For dependencies you do keep, pin exact versions in production and treat upgrades as a deliberate decision rather than routine maintenance. This is the counter-intuitive one: the instinct — especially among developers who have absorbed the “always stay current” advice — is to update to the latest version as soon as it drops. But if you are stable, your dependencies are audited, and there is no concrete bug fix or feature you need, upgrading is adding risk with no return. A malicious version of a package is most dangerous in the window between publication and detection. Staying one or two versions behind a release that has no benefit for you is a reasonable position.
This does not mean ignoring security patches. It means distinguishing between a patch release that fixes a known vulnerability affecting your usage (update immediately) and a minor version bump with new features you do not need (let it sit, let others find the problems first). The “update to latest” reflex is another AI-era default: AI-generated code often pulls the latest version by default, and Dependabot opens PRs the moment a new version is available. Both nudge toward constant churn without asking whether the update is warranted.
Access controls on publish credentials are worth reviewing. Many compromises happen because the CI system that publishes packages has overly broad permissions. If your deployment pipeline has npm publish rights, a compromised CI token is a compromised package. Scoping publish credentials to a separate system with additional confirmation steps reduces the blast radius of a CI compromise.

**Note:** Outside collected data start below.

(* Consequently κ_k(Γ^{-1}) = κ_k(Γ) for finite V (the lower bound applies the
   duality to Γ^{-1}, whose reverse is Γ). *)
Lemma kappa_reverse (G : V -> V -> Prop) k n : is_kappa V G k n -> is_kappa V (rev_graph G) k n.
Proof.
  intros [[X [HX HXn]] Hmin].
  assert (Hlower : forall Y m, admissible V (rev_graph G) k Y ->
            cardinal V (bdry V (rev_graph G) Y) m -> n <= m).
  { intros Y m HY HYm.
    destruct (complement_admissible_reverse (rev_graph G) k Y) as [HY' Hincl];
      [exact HY|].
    destruct (finite_cardinal V _ (finite_any (bdry V G (coGam V (rev_graph G) Y))))
      as [m' Hm'].
    pose proof (Hmin _ m' HY' Hm'). pose proof (incl_card_le V _ _ _ _ Hm' HYm Hincl). lia. }
  split; [|exact Hlower].
  destruct (complement_admissible_reverse G k X HX) as [HX' Hincl].
  destruct (finite_cardinal V _ (finite_any (bdry V (rev_graph G) (coGam V G X)))) as [m Hm].
  pose proof (Hlower _ m HX' Hm). pose proof (incl_card_le V _ _ _ _ Hm HXn Hincl).
  exists (coGam V G X). split; [exact HX'|]. replace n with m by lia. exact Hm.
Qed.

Lemma fragment_complement_reverse (G : V -> V -> Prop) k F : fragment G k F -> fragment (rev_graph G) k (coGam V G F).
Proof.
  intros [HF [n [Hn HFn]]].
  destruct (complement_admissible_reverse G k F HF) as [HF' Hincl].
  pose proof (kappa_reverse G k n Hn) as Hn'.
  destruct (finite_cardinal V _ (finite_any (bdry V (rev_graph G) (coGam V G F)))) as [m Hm].
  pose proof (proj2 Hn' _ m HF' Hm). pose proof (incl_card_le V _ _ _ _ Hm HFn Hincl).
  split; [exact HF'|]. exists n. split; [exact Hn'|]. replace n with m by lia. exact Hm.
Qed.

End Duality.

(* For finite V: V∖Γ(A∪F) = (V∖Γ(F)) ∖ Γ(A), where
   |V∖Γ(F)| ≥ α_{-k} ≥ α_k ≥ |A| and (V∖Γ(F)) ∩ Γ(A) ⊆ Γ(A) ∖ Γ(A∩F) has at
   most |A| - k elements. *)
Lemma union_complement_large (V : Type) (G : V -> V -> Prop) k A F :
  reflexive_graph G -> locally_finite G ->
  (~ Finite V (Full_set V) \/
   exists a b, is_alpha G k a /\ is_alpha (rev_graph G) k b /\ a <= b) ->
  atom G k A -> fragment G k F -> atleast k (Intersection V A F) ->
  atleast k (coGam V G (Union V A F)).
Proof.
  intros Hrefl Hlf Hcase [HAfrag HAmin] HF HP.
  destruct (classic (Finite V (Full_set V))) as [Hfin|Hinf].
  2:{ apply atleast_complement_infinite; [exact Hinf|].
      apply Gam_finite; [exact Hlf|].
      apply Union_preserves_Finite; [exact (proj1 (proj1 HAfrag)) | exact (proj1 (proj1 HF))]. }
  destruct Hcase as [Hinf|[a0 [b0 [[A0 [HA0 Ha0]] [[B0 [HB0 Hb0]] Hab]]]]]; [contradiction|].
  replace (coGam V G (Union V A F)) with (Setminus V (coGam V G F) (Gam V G A))
    by (unfold coGam; rewrite Gam_union; set_solve).
  destruct (finite_cardinal V A (finite_any V Hfin A)) as [a Ha].
  destruct (finite_cardinal V _ (finite_any V Hfin (coGam V G F))) as [c Hc].
  assert (HaC : a <= c).
  { pose proof (HAmin A0 a a0 (proj1 HA0) Ha Ha0).
    pose proof (proj2 HB0 _ b0 c (fragment_complement_reverse V Hfin G k F HF) Hb0 Hc).
    lia. }
  destruct (cardinal_split V _ (Gam V G A) c Hc) as [i [e [Hi [He ->]]]].
  destruct HAfrag as [HAadm [n [Hn HbA]]].
  destruct (finite_cardinal V _ (finite_any V Hfin
              (Setminus V (Gam V G A) (Gam V G (Intersection V A F))))) as [d Hd].
  assert (Hid : i <= d).
  { apply (incl_card_le V _ _ _ _ Hi Hd). intros z [z' Hz HzA]. split; [exact HzA|].
    intro HzP. apply Hz. revert HzP. apply Gam_monotone. intros x [x' _ HxF]. exact HxF. }
  assert (HPA : Included V (Intersection V A F) A) by (intros z [z' Hz _]; exact Hz).
  pose proof (Gam_difference_small V G k A _ n a d Hrefl Hlf Hn HbA Ha
                (admissible_shrink V G k A _ HAadm HPA HP) HPA Hd).
  apply (cardinal_atleast V _ e He). lia.
Qed.
(* Let $S=\langle T,\Pi,C\rangle$ be a state space and let $(A_i,\psi_i)$, $1\le i\le k$, be abstractions of $S$ forming an additive abstraction system, and let $t,g\in T$. If $h_{add}(t,g)\ge C^*_j(t_j,g_j)+R^*_j(t_j,g_j)$ for all $j\in\{1,\dots,k\}$, then $h_{add}(t,g)\ge h_{max}(t,g)$.
   Context: A state space is a weighted directed graph $S=\langle T,\Pi,C\rangle$ where $T$ is a finite set of states, $\Pi\subseteq T\times T$ is a set of directed edges, and $C:\Pi\to\mathbb{N}=\{0,1,2,\dots\}$. A path from $u$ to $v$ is a sequence of edges $\langle\pi^1,\dots,\pi^n\rangle$ with $\pi^j=(u^{j-1},u^j)\in\Pi$, $u^0=u$, $u^n=v$. An abstract state space is $A_i=\langle T_i,\Pi_i,C_i,R_i\rangle$ with $T_i$ a set of abstract states, $\Pi_i\subseteq T_i\times T_i$, and edge weights $C_i,R_i:\Pi_i\to\mathbb{N}$ (primary and residual cost), extended additively to paths. An abstraction of $S$ is a pair $(A_i,\psi_i)$ with $\psi_i:T\to T_i$ such that (1) for every $(u,v)\in\Pi$, $(\psi_i(u),\psi_i(v))\in\Pi_i$, and (2) for every $\pi=(u,v)\in\Pi$, $C_i(\pi_i)+R_i(\pi_i)\le C(\pi)$ where $\pi_i=(\psi_i(u),\psi_i(v))$. The system is additive if for every $\pi\in\Pi$, $\sum_{i=1}^k C_i(\pi_i)\le C(\pi)$. Write $t_i=\psi_i(t)$. Minima over empty sets are $+\infty$. Define $OPT_i(x,y)=\min\{C_i(\rho)+R_i(\rho):\rho\text{ a path from }x\text{ to }y\text{ in }A_i\}$, $h_i(t,g)=OPT_i(t_i,g_i)$, $h_{max}(t,g)=\max_{1\le i\le k}h_i(t,g)$; $C^*_i(x,y)=\min\{C_i(\rho):\rho\text{ a path from }x\text{ to }y\text{ in }A_i\}$, $h_{add}(t,g)=\sum_{i=1}^k C^*_i(t_i,g_i)$; $P_i(x,y)$ is the set of paths $\rho$ from $x$ to $y$ in $A_i$ with $C_i(\rho)=C^*_i(x,y)$, and $R^*_i(x,y)=\min_{\rho\in P_i(x,y)}R_i(\rho)$ (the conditional optimal residual cost). *)

From Stdlib Require Import Classical ClassicalEpsilon.
From mathcomp Require Import all_boot.
Set Implicit Arguments. Unset Strict Implicit. Unset Printing Implicit Defensive.

(* Extended naturals: [Some n] is a finite value, [None] is +infinity. *)
Definition enat := option nat.

Definition eadd (a b : enat) : enat :=
  match a, b with Some x, Some y => Some (x + y) | _, _ => None end.

Definition ele (a b : enat) : Prop :=
  match a, b with
  | _, None => True
  | None, Some _ => False
  | Some x, Some y => x <= y
  end.

Definition emax (a b : enat) : enat :=
  match a, b with Some x, Some y => Some (maxn x y) | _, _ => None end.

Lemma nat_min_exists (P : nat -> Prop) :
  (exists n, P n) -> exists m, P m /\ forall n, P n -> m <= n.
Proof.
move=> [n Pn]; elim: n {-2}n (leqnn n) Pn => [|N IH] n Hn Pn.
  exists n; split => // k _; move: Hn; rewrite leqn0 => /eqP ->.
  done.
case: (classic (exists k, k < n /\ P k)) => [[k [Hk Pk]]|Hno].
  by apply: (IH k) => //; rewrite -ltnS (leq_trans Hk Hn).
exists n; split => // k Pk; case: (leqP n k) => // Hk.
by exfalso; apply: Hno; exists k.
Qed.

Definition emin (P : nat -> Prop) : enat :=
  match excluded_middle_informative (exists n, P n) with
  | left H => Some (proj1_sig (constructive_indefinite_description _
                                 (nat_min_exists H)))
  | right _ => None
  end.

(* A path from x to y in the graph with edge relation E, given as the
   sequence of visited vertices after x (the empty sequence is the empty
   path from x to x). *)
Definition is_path (V : eqType) (E : rel V) (x y : V) (p : seq V) : bool :=
  path E x p && (last x p == y).

Definition pcost (V : Type) (w : V -> V -> nat) (x : V) (p : seq V) : nat :=
  sumn (pairmap w x p).

Section Abstr.
Variables (V : eqType) (E : rel V) (Cw Rw : V -> V -> nat).

Definition OPT (x y : V) : enat :=
  emin (fun c => exists p, is_path E x y p /\ c = pcost Cw x p + pcost Rw x p).

Definition Cstar (x y : V) : enat :=
  emin (fun c => exists p, is_path E x y p /\ c = pcost Cw x p).

Definition Rstar (x y : V) : enat :=
  emin (fun r => exists p, [/\ is_path E x y p, Some (pcost Cw x p) = Cstar x y
                              & r = pcost Rw x p]).
End Abstr.

Definition is_abstraction (T Ti : finType) (Pi : rel T) (C : T -> T -> nat)
  (Pii : rel Ti) (Ci Ri : Ti -> Ti -> nat) (psi : T -> Ti) : Prop :=
  (forall u v, Pi u v -> Pii (psi u) (psi v)) /\
  (forall u v, Pi u v -> Ci (psi u) (psi v) + Ri (psi u) (psi v) <= C u v).

Definition h_add (T : finType) (k : nat) (Ti : 'I_k -> finType)
  (Pii : forall i, rel (Ti i)) (Ci : forall i, Ti i -> Ti i -> nat)
  (psi : forall i, T -> Ti i) (t g : T) : enat :=
  foldr eadd (Some 0) [seq Cstar (Pii i) (Ci i) (psi i t) (psi i g) | i <- enum 'I_k].

(* max over i of h_i; for k = 0 the (empty) max is taken to be 0. *)
Definition h_max (T : finType) (k : nat) (Ti : 'I_k -> finType)
  (Pii : forall i, rel (Ti i)) (Ci Ri : forall i, Ti i -> Ti i -> nat)
  (psi : forall i, T -> Ti i) (t g : T) : enat :=
  foldr emax (Some 0) [seq OPT (Pii i) (Ci i) (Ri i) (psi i t) (psi i g) | i <- enum 'I_k].

(** Every path realising C*_i(t_i, g_i) with residual cost R*_i(t_i, g_i) is a
    candidate for OPT_i(t_i, g_i), so h_i(t, g) <= C*_i + R*_i <= h_add(t, g) for
    every i; taking the maximum over i gives h_max(t, g) <= h_add(t, g). *)
From Stdlib Require Import ClassicalEpsilon.
From mathcomp Require Import all_boot.

Lemma ele_trans a b c : ele a b -> ele b c -> ele a c.
Proof. by case: a b c => [a|] [b|] [c|] //=; exact: leq_trans. Qed.

Lemma ele_infty a : ele a None.
Proof. by case: a. Qed.

Lemma emax_ele a b c : ele a c -> ele b c -> ele (emax a b) c.
Proof. by case: a b c => [a|] [b|] [c|] //= ? ?; rewrite geq_max; apply/andP. Qed.

Lemma emin_someP (P : nat -> Prop) m : emin P = Some m -> P m.
Proof.
rewrite /emin; case: excluded_middle_informative => // exP [<-].
by case: constructive_indefinite_description => n [].
Qed.

Lemma emin_ele (P : nat -> Prop) n : P n -> ele (emin P) (Some n).
Proof.
move=> Pn; rewrite /emin; case: excluded_middle_informative => [exP|noP] /=.
  by case: constructive_indefinite_description => m /= [_]; apply.
by apply: noP; exists n.
Qed.

Lemma OPT_ele_Cstar_Rstar (V : eqType) (E : rel V) (Cw Rw : V -> V -> nat) x y :
  ele (OPT E Cw Rw x y) (eadd (Cstar E Cw x y) (Rstar E Cw Rw x y)).
Proof.
case eqC: (Cstar E Cw x y) => [c|]; last exact: ele_infty.
case eqR: (Rstar E Cw Rw x y) => [r|]; last exact: ele_infty.
have [p [pathp]] := emin_someP _ _ eqR.
rewrite eqC => -[<-] ->.
by apply: emin_ele; exists p.
Qed.

Lemma foldr_emax_ele (s : seq enat) c :
  ele (Some 0) c -> {in s, forall a, ele a c} -> ele (foldr emax (Some 0) s) c.
Proof.
move=> le0c; elim: s => [|a s IHs] //= le_s_c.
apply: emax_ele; first exact/le_s_c/mem_head.
by apply: IHs => b sb; apply/le_s_c; rewrite inE sb orbT.
Qed.

Theorem lemma6 (T : finType) (Pi : rel T) (C : T -> T -> nat)
  (k : nat) (Ti : 'I_k -> finType) (Pii : forall i, rel (Ti i))
  (Ci Ri : forall i, Ti i -> Ti i -> nat) (psi : forall i, T -> Ti i)
  (Habs : forall i, is_abstraction Pi C (Pii i) (Ci i) (Ri i) (psi i))
  (Hadd : forall u v, Pi u v ->
            \sum_(i < k) Ci i (psi i u) (psi i v) <= C u v)
  (t g : T)
  (Hj : forall j : 'I_k,
          ele (eadd (Cstar (Pii j) (Ci j) (psi j t) (psi j g))
                    (Rstar (Pii j) (Ci j) (Ri j) (psi j t) (psi j g)))
              (h_add Pii Ci psi t g)) :
  ele (h_max Pii Ci Ri psi t g) (h_add Pii Ci psi t g).
Proof.
apply: foldr_emax_ele; first by case: (h_add _ _ _ _ _).
move=> _ /mapP [i _ ->].
exact: ele_trans (OPT_ele_Cstar_Rstar _ _ _ _ _ _) (Hj i).
Qed.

For AI-specific libraries, the same rules apply with higher urgency. Review what you are importing. Understand what data each library touches. Check the maintenance status and security track record. The ecosystem is new enough that “this is the standard library everyone uses” is not sufficient due diligence.
The longer view
The Axios and Mercor incidents are not isolated. They are examples of a pattern that has been building for years and is accelerating. The software ecosystem has become deeply interdependent, and AI coding tools are adding a new layer to that dependency problem: an automated recommender that defaults to popular packages without considering whether the dependency is necessary.
The developers best positioned to resist this are the ones who have internalised that every import is a decision, not a convenience. That instinct takes time and experience to develop. It comes from encountering the consequences of the alternative.
For builders who are developing that instinct now, the most useful thing to ask when the AI recommends a package is: does the language already do this? Often, the answer is yes.